FilterNumber_B: Number of observation configurations to cycle through (usually each with a different filter).


SingleExpoTime: Exposure time in seconds

Nexpo: the number of exposure with this Filter and SingleExpoTime. Each is saved as a separate file. Usually 1 except for focus sequences.

LBCUSER The value of LBCUSER, which should be the PI Name, is written to the keyword LBCUSER of the primary FITS header.
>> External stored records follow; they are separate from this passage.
Variable v : V.

Lemma kempe_reach_swap_colors (a b : 'I_n) (c : col) : a != b ->
  (forall e, incident v e -> c e \notin [:: a; b]) ->
  kempe_reach_fixing (incident v) c (recolor (tperm a b) c).
Proof.
move=> ab vab; rewrite recolor_tperm.
by apply: kempe_reach_fixing_sub (kempe_reach_swap_on ab _ _) => // f g _ /and3P [].
Qed.

Lemma switch_recolor_fixing p c d : switch c d ->
  exists q, kempe_reach_fixing (incident v) (recolor p c) (recolor q d).
Proof.
case/existsP => a /existsP [b /existsP [e0 /and3P [ab ce0 /forallP cd]]].
have -> : d = swap_on a b (chain c a b e0) c.
  by apply/ffunP => f; rewrite ffunE; apply/eqP.
set K := chain c a b e0.
have [/existsP [e1 /andP [ve1 Ke1]] | /existsPn Kv] :=
  boolP [exists e, incident v e && K e]; last first.
  exists p; apply: switch_reach_fixing; first exact/switch_recolor/switch_swap_chain.
  apply/forallP => f; apply/implyP => vf; rewrite !ffunE.
  by case: ifP => // Kf; move: (Kv f); rewrite vf Kf.
exists (tperm a b * p)%g; rewrite recolorM recolor_tperm_swap_on.
apply: kempe_reach_fixing_recolor.
have vK : subpred (incident v) (predC [pred e | (c e \in [:: a; b]) && ~~ K e]).
  move=> f vf; apply/negP => /andP [cf /negP []].
  apply: (chain_adj Ke1); rewrite /ab_adj (chain_col Ke1) cf.
  by apply/existsP; exists v; rewrite ve1 vf.
apply: kempe_reach_fixing_sub vK (kempe_reach_swap_on ab _ _) => [f /andP [] //|].
move=> f g /andP [_ nKf] fg; case/and3P: (fg) => _ cg _.
by rewrite /= cg (chainN_adj nKf fg).
Qed.

Lemma kempe_reach_unrecolor (p : {perm 'I_n}) (d : col) :
  (forall e, incident v e -> p (d e) = d e) ->
  kempe_reach_fixing (incident v) (recolor p d) d.
Proof.
have [m] := ubnP #|[pred u | p u != u]|; elim: m p => // m IH p /ltnSE moved fixv.
have [a /= pa | fixed] := pickP [pred u | p u != u]; last first.
  suff -> : p = 1%g by rewrite recolor1; apply: kempe_reach_fixing_refl.
  by apply/permP => u; rewrite perm1; apply/eqP/negbFE/fixed.
have vab e : incident v e -> d e \notin [:: a; p a].
  move=> ve; rewrite !inE negb_or; apply/andP; split; apply: contra_neq pa => de.
    by rewrite -de fixv.
  by apply: (@perm_inj _ p); rewrite -de fixv.
have fixv' e : incident v e -> (p * tperm a (p a))%g (d e) = d e.
  move=> ve; have := vab e ve; rewrite !inE negb_or => /andP [nda ndpa].
  by rewrite permM fixv // tpermD // eq_sym.
have := IH _ (leq_trans (card_moved_mul_tperm pa) moved) fixv'.
apply: kempe_reach_fixing_trans; rewrite recolorM.
apply: kempe_reach_swap_colors; first by rewrite eq_sym.
by move=> e ve; rewrite ffunE fixv // vab.
Qed.
(* Let $f:\mathcal D_n^+\to\mathcal D_n^+$ be contracting for the stable semi-metric, i.e. there exists $\lambda\in(0,1)$ with $d_s(f(\Delta),f(\Delta'))\le\lambda\, d_s(\Delta,\Delta')$ for all $\Delta,\Delta'\in\mathcal D_n^+$. Then $f$ admits a unique fixed point $\Delta^*\in\mathcal D_n^+$, $\Delta^*=f(\Delta^* )$.
   Context: $\mathcal D_n^+$ is the set of $n\times n$ diagonal matrices with positive diagonal entries. The stable semi-metric is $d_s(\Delta,\Delta')=\left\|\frac{\Delta-\Delta'}{\sqrt{\Delta\Delta'}}\right\|=\max_i\frac{|\Delta_i-\Delta'_i|}{\sqrt{\Delta_i\Delta'_i}}$. *)

From mathcomp Require Import all_boot all_order all_algebra.
From mathcomp Require Import reals.
Set Implicit Arguments. Unset Strict Implicit. Unset Printing Implicit Defensive.
Import Order.TTheory GRing.Theory Num.Theory.
Local Open Scope ring_scope.

Definition Dpos (R : realType) (n : nat) (A : 'M[R]_n) : bool :=
  is_diag_mx A && [forall i, 0 < A i i].

Definition ds (R : realType) (n : nat) (A B : 'M[R]_n) : R :=
  \big[Num.max/0]_(i < n) (`|A i i - B i i| / Num.sqrt (A i i * B i i)).

(* Since ds satisfies no triangle inequality, Banach's argument is run on the
   logarithms of the diagonal entries instead: for positive reals,
   |ln x - ln y| <= 2 stable_dist x y, so along an orbit of f the logarithms
   move by at most 2 lambda^k ds(D0, f D0) at step k.  They are therefore
   Cauchy, and the orbit converges entrywise to a positive diagonal matrix.
   Continuity of stable_dist turns the contraction inequality into
   ds(L, f L) <= 0 at the limit L, and two fixed points D, D' satisfy
   ds(D, D') <= lambda ds(D, D'), hence coincide. *)

From mathcomp Require Import all_boot all_order all_algebra.
From mathcomp Require Import reals.
From mathcomp Require Import boolp classical_sets topology normedtype sequences realfun exp.
From mathcomp Require Import ring lra.
Import Order.TTheory GRing.Theory Num.Theory numFieldNormedType.Exports.
Local Open Scope ring_scope.
Local Open Scope classical_set_scope.

Lemma cvgn_geometric_increments (R : realType) (u : R ^nat) (c q : R) :
  `|q| < 1 -> (forall k, `|u k.+1 - u k| <= c * q ^+ k) -> cvgn u.
Proof.
move=> q1 hu.
have -> : u = (fun k => u 0%N + series (telescope u) k).
  by apply: funext => k; rewrite -eq_sum_telescope.
apply: is_cvgD; first exact: is_cvg_cst.
apply: normed_cvg.
apply: (series_le_cvg _ _ _ (@is_cvg_geometric_series _ c q q1)) => k /=.
- by [].
- exact: le_trans (hu k).
- exact: hu.
Qed.

Section StableDistance.
Context {R : realType}.
Implicit Types x y : R.

Definition stable_dist x y := `|x - y| / Num.sqrt (x * y).

Lemma stable_dist_ge0 x y : 0 <= stable_dist x y.
Proof. by rewrite divr_ge0 ?sqrtr_ge0. Qed.

Lemma stable_distxx x : stable_dist x x = 0.
Proof. by rewrite /stable_dist subrr normr0 mul0r. Qed.

Lemma stable_dist_le0 x y : 0 < x -> 0 < y -> stable_dist x y <= 0 -> x = y.
Proof.
move=> x0 y0; rewrite /stable_dist ler_pdivrMr ?sqrtr_gt0 ?mulr_gt0 // mul0r.
by rewrite normr_le0 subr_eq0 => /eqP.
Qed.

Lemma ln_le_subr1 x : 0 < x -> ln x <= x - 1.
Proof. by move=> x0; have := @le_ln1Dx R (x - 1); rewrite subrKC; apply; lra. Qed.

Lemma lnB_le x y : 0 < x -> 0 < y -> ln x - ln y <= (x - y) / y.
Proof.
move=> x0 y0; rewrite -ln_div ?posrE // mulrBl divff ?gt_eqF //.
by apply: ln_le_subr1; rewrite divr_gt0.
Qed.

Lemma norm_lnB_le_stable_dist x y : 0 < x -> 0 < y ->
  `|ln x - ln y| <= 2 * stable_dist x y.
Proof.
move=> x0 y0; set s := Num.sqrt x; set r := Num.sqrt y.
have s0 : 0 < s by rewrite sqrtr_gt0.
have r0 : 0 < r by rewrite sqrtr_gt0.
have xE : x = s ^+ 2 by rewrite sqr_sqrtr // ltW.
have yE : y = r ^+ 2 by rewrite sqr_sqrtr // ltW.
have -> : ln x - ln y = 2 * (ln s - ln r).
  by rewrite xE yE !lnXn // mulrBr !mulr_natl.
have -> : stable_dist x y = `|s - r| / r + `|s - r| / s.
  rewrite /stable_dist xE yE -exprMn sqrtr_sqr (gtr0_norm (mulr_gt0 s0 r0)).
  rewrite subr_sqr normrM (gtr0_norm (addr_gt0 s0 r0)).
  by field; rewrite !gt_eqF.
rewrite normrM ger0_norm // ler_pM2l //.
have ln_sr := lnB_le _ _ s0 r0; have ln_rs := lnB_le _ _ r0 s0.
have sr_le : (s - r) / r <= `|s - r| / r.
  by apply: ler_wpM2r; [rewrite invr_ge0 ltW | exact: ler_norm].
have rs_le : (r - s) / s <= `|s - r| / s.
  by apply: ler_wpM2r; [rewrite invr_ge0 ltW | rewrite distrC ler_norm].
have r_term_ge0 : 0 <= `|s - r| / r by rewrite divr_ge0 // ltW.
have s_term_ge0 : 0 <= `|s - r| / s by rewrite divr_ge0 // ltW.
by rewrite ler_norml; apply/andP; split; lra.
Qed.

Lemma stable_dist_cvg {T : Type} (F : set_system T) {FF : ProperFilter F}
    (a b : T -> R) (x y : R) : 0 < x -> 0 < y ->
  a t @[t --> F] --> x -> b t @[t --> F] --> y ->
  stable_dist (a t) (b t) @[t --> F] --> stable_dist x y.
Proof.
move=> x0 y0 ax bx; apply: cvgM; first by apply: cvg_norm; apply: cvgB.
apply: cvgV; first by rewrite gt_eqF // sqrtr_gt0 mulr_gt0.
by apply: (continuous_cvg _ (@sqrt_continuous R _)); apply: cvgM.
Qed.

End StableDistance.

Section PositiveDiagonal.
Context {R : realType} {n : nat}.
Implicit Types A B : 'M[R]_n.

Lemma Dpos_gt0 {A} : Dpos A -> forall i, 0 < A i i.
Proof. by case/andP => _ /forallP. Qed.

Lemma Dpos_diag_mx (d : 'rV[R]_n) : (forall i, 0 < d 0 i) -> Dpos (diag_mx d).
Proof.
move=> d_gt0; rewrite /Dpos diag_mx_is_diag; apply/forallP => i.
by rewrite mxE eqxx mulr1n.
Qed.

Lemma ds_ge0 A B : 0 <= ds A B.
Proof. exact: bigmax_ge_id. Qed.

Lemma stable_dist_le_ds A B i : stable_dist (A i i) (B i i) <= ds A B.
Proof. exact: le_bigmax. Qed.

Lemma ds_le A B c : 0 <= c ->
  (forall i, stable_dist (A i i) (B i i) <= c) -> ds A B <= c.
Proof. by move=> c0 le_c; apply: bigmax_le => // i _; apply: le_c. Qed.

Lemma ds_le0 A B : Dpos A -> Dpos B -> ds A B <= 0 -> A = B.
Proof.
move=> DA DB dAB0.
have /andP[/is_diag_mxP dA _] := DA; have /andP[/is_diag_mxP dB _] := DB.
apply/matrixP => i j; have [<-|ij] := eqVneq i j; last by rewrite dA ?dB.
apply: stable_dist_le0; [exact: Dpos_gt0 | exact: Dpos_gt0 |].
exact: le_trans (stable_dist_le_ds A B i) dAB0.
Qed.

Lemma ds_cvg0 {T : Type} (F : set_system T) {FF : Filter F} (M : T -> 'M[R]_n) B :
  (forall i, stable_dist (M t i i) (B i i) @[t --> F] --> 0) ->
  ds (M t) B @[t --> F] --> 0.
Proof.
move=> cvg0; apply/cvgrPdist_le => e e0.
have : \forall t \near F, forall i, stable_dist (M t i i) (B i i) <= e.
  apply: filter_forall => i; have /cvgrPdist_le/(_ e e0) := cvg0 i.
  by apply: filterS => t; rewrite sub0r normrN ger0_norm // stable_dist_ge0.
apply: filterS => t le_e.
by rewrite sub0r normrN ger0_norm ?ds_ge0 // ds_le // ltW.
Qed.

End PositiveDiagonal.

Section StableContraction.
Context {R : realType} {n : nat} (f : 'M[R]_n -> 'M[R]_n) {lambda : R}.
Hypothesis f_Dpos : forall D, Dpos D -> Dpos (f D).
Hypothesis lambda_ge0 : 0 <= lambda.
Hypothesis lambda_lt1 : lambda < 1.
Hypothesis f_contract : forall D D', Dpos D -> Dpos D' ->
  ds (f D) (f D') <= lambda * ds D D'.

Lemma stable_contraction_fixpoint_unique D D' : Dpos D -> Dpos D' ->
  D = f D -> D' = f D' -> D = D'.
Proof.
move=> DD DD' fD fD'; apply: ds_le0 => //.
have := f_contract _ _ DD DD'; rewrite -fD -fD' -subr_le0 -{1}[ds D D']mul1r -mulrBl.
by rewrite pmulr_rle0 // subr_gt0.
Qed.

Variable D0 : 'M[R]_n.
Hypothesis D0_Dpos : Dpos D0.

Let orbit k := iter k f D0.

Lemma orbit_Dpos k : Dpos (orbit k).
Proof. by elim: k => // k; apply: f_Dpos. Qed.

Lemma ds_orbit_le k : ds (orbit k) (orbit k.+1) <= lambda ^+ k * ds D0 (f D0).
Proof.
elim: k => [|k IH]; first by rewrite mul1r.
rewrite exprS -mulrA.
apply: le_trans (f_contract _ _ (orbit_Dpos k) (orbit_Dpos k.+1)) _.
exact: ler_wpM2l.
Qed.

Lemma ln_orbit_cvg i : cvgn (fun k => ln (orbit k i i)).
Proof.
apply: (@cvgn_geometric_increments _ _ (2 * ds D0 (f D0)) lambda).
  by rewrite ger0_norm.
move=> k; have orbit_gt0 m : 0 < orbit m i i := Dpos_gt0 (orbit_Dpos m) i.
rewrite distrC.
apply: le_trans (norm_lnB_le_stable_dist _ _ (orbit_gt0 k) (orbit_gt0 k.+1)) _.
rewrite -mulrA ler_pM2l // mulrC.
exact: le_trans (stable_dist_le_ds _ _ i) (ds_orbit_le k).
Qed.

(* Taking the limit in logarithmic coordinates makes its positivity automatic. *)
Definition orbit_lim : 'M[R]_n :=
  diag_mx (\row_i expR (limn (fun k => ln (orbit k i i)))).

Lemma orbit_lim_Dpos : Dpos orbit_lim.
Proof. by apply: Dpos_diag_mx => i; rewrite mxE expR_gt0. Qed.

Lemma orbit_cvg i : orbit k i i @[k --> \oo] --> orbit_lim i i.
Proof.
have -> : (fun k => orbit k i i) = expR \o (fun k => ln (orbit k i i)).
  by apply: funext => k /=; rewrite lnK // posrE (Dpos_gt0 (orbit_Dpos k)).
rewrite /orbit_lim !mxE eqxx mulr1n.
apply: continuous_cvg; [exact: continuous_expR | exact: ln_orbit_cvg].
Qed.

Lemma ds_orbit_lim_cvg0 : ds (orbit k) orbit_lim @[k --> \oo] --> 0.
Proof.
apply: ds_cvg0 => i; rewrite -(stable_distxx (orbit_lim i i)).
have lim_gt0 := Dpos_gt0 orbit_lim_Dpos i.
by apply: stable_dist_cvg => //; [exact: orbit_cvg | exact: cvg_cst].
Qed.

Lemma orbit_lim_fixed : orbit_lim = f orbit_lim.
Proof.
have fDpos := f_Dpos _ orbit_lim_Dpos.
apply: (ds_le0 _ _ orbit_lim_Dpos fDpos); apply: ds_le => // i.
have lhs : stable_dist (orbit k.+1 i i) (f orbit_lim i i) @[k --> \oo]
    --> stable_dist (orbit_lim i i) (f orbit_lim i i).
  apply: stable_dist_cvg; last exact: cvg_cst.
  - exact: Dpos_gt0 orbit_lim_Dpos i.
  - exact: Dpos_gt0 fDpos i.
  by have := orbit_cvg i; rewrite -cvg_shiftS.
have rhs : lambda * ds (orbit k) orbit_lim @[k --> \oo] --> lambda * 0.
  by apply: cvgM; [exact: cvg_cst | exact: ds_orbit_lim_cvg0].
rewrite -(mulr0 lambda); apply: ler_cvg_to lhs rhs _; apply: nearW => k.
apply: le_trans (stable_dist_le_ds _ _ i) _.
exact: f_contract (orbit_Dpos k) orbit_lim_Dpos.
Qed.

End StableContraction.

Theorem theorem2 (R : realType) (n : nat) (f : 'M[R]_n -> 'M[R]_n)
  (hf : forall D, Dpos D -> Dpos (f D))
  (lambda : R) (hl0 : 0 < lambda) (hl1 : lambda < 1)
  (hc : forall D D', Dpos D -> Dpos D' -> ds (f D) (f D') <= lambda * ds D D') :
  exists Dstar, [/\ Dpos Dstar, Dstar = f Dstar &
    forall D, Dpos D -> D = f D -> D = Dstar].
Proof.
pose D0 : 'M[R]_n := diag_mx (const_mx 1).
have D0_Dpos : Dpos D0 by apply: Dpos_diag_mx => i; rewrite mxE ltr01.
have lim_fixed := orbit_lim_fixed f hf (ltW hl0) hl1 hc D0 D0_Dpos.
exists (orbit_lim f D0); split; [exact: orbit_lim_Dpos | exact: lim_fixed |].
move=> D DD fD.
exact: (stable_contraction_fixpoint_unique f hl1 hc _ _ DD (orbit_lim_Dpos f D0) fD lim_fixed).
Qed.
OBSERVER The value of OBSERVER is written to the keyword OBSERVER of the primary FITS header. It is also used to sort data in the LBC archive (http://lbcarchive from an LBTO machine). Science data will be written to lbcarchive:/data/store/full/{OBSERVER} and can be accessed through the web archive interface by entering the value of OBSERVER in the username box. If OBSERVER is blank, then science data will be stored in lbcarchive:/data/store/full/common and technical chip data in lbcarchive:/data/store/full/tech For SDT observations, set OBSERVER to "lbtstd". Information on how to do this is in section I 4 above.


V OB Library

Generic OBs which are commonly used have been collected in the directory /home/lbcobs/OBlib. Note that only the *.ob files (not the *.str, *.txt, *.xsd extensions) are in this directory so the OBs cannot be loaded and edited by the OB Creation GUI. All have DEC=-90 so that they will be carried out at the current telescope pointing. You may either run them from this directory, or copy them into your own directory of OBs for quick uploading (fewer clicks in the browse window to change OB directories). Right now, the directory contains the OBs which take an extra-focal image, with the mirror -0.8mm below focus (?fastextra.ob); those which take a focus sequence (coarse: ?focus.ob and fine: ?finefoc.ob) and one to take 5 biases with all 4 chips and no binning (5bias.ob). The README file gives more information on these. By far the ones used most often are the set of ?fastextra.ob OBs.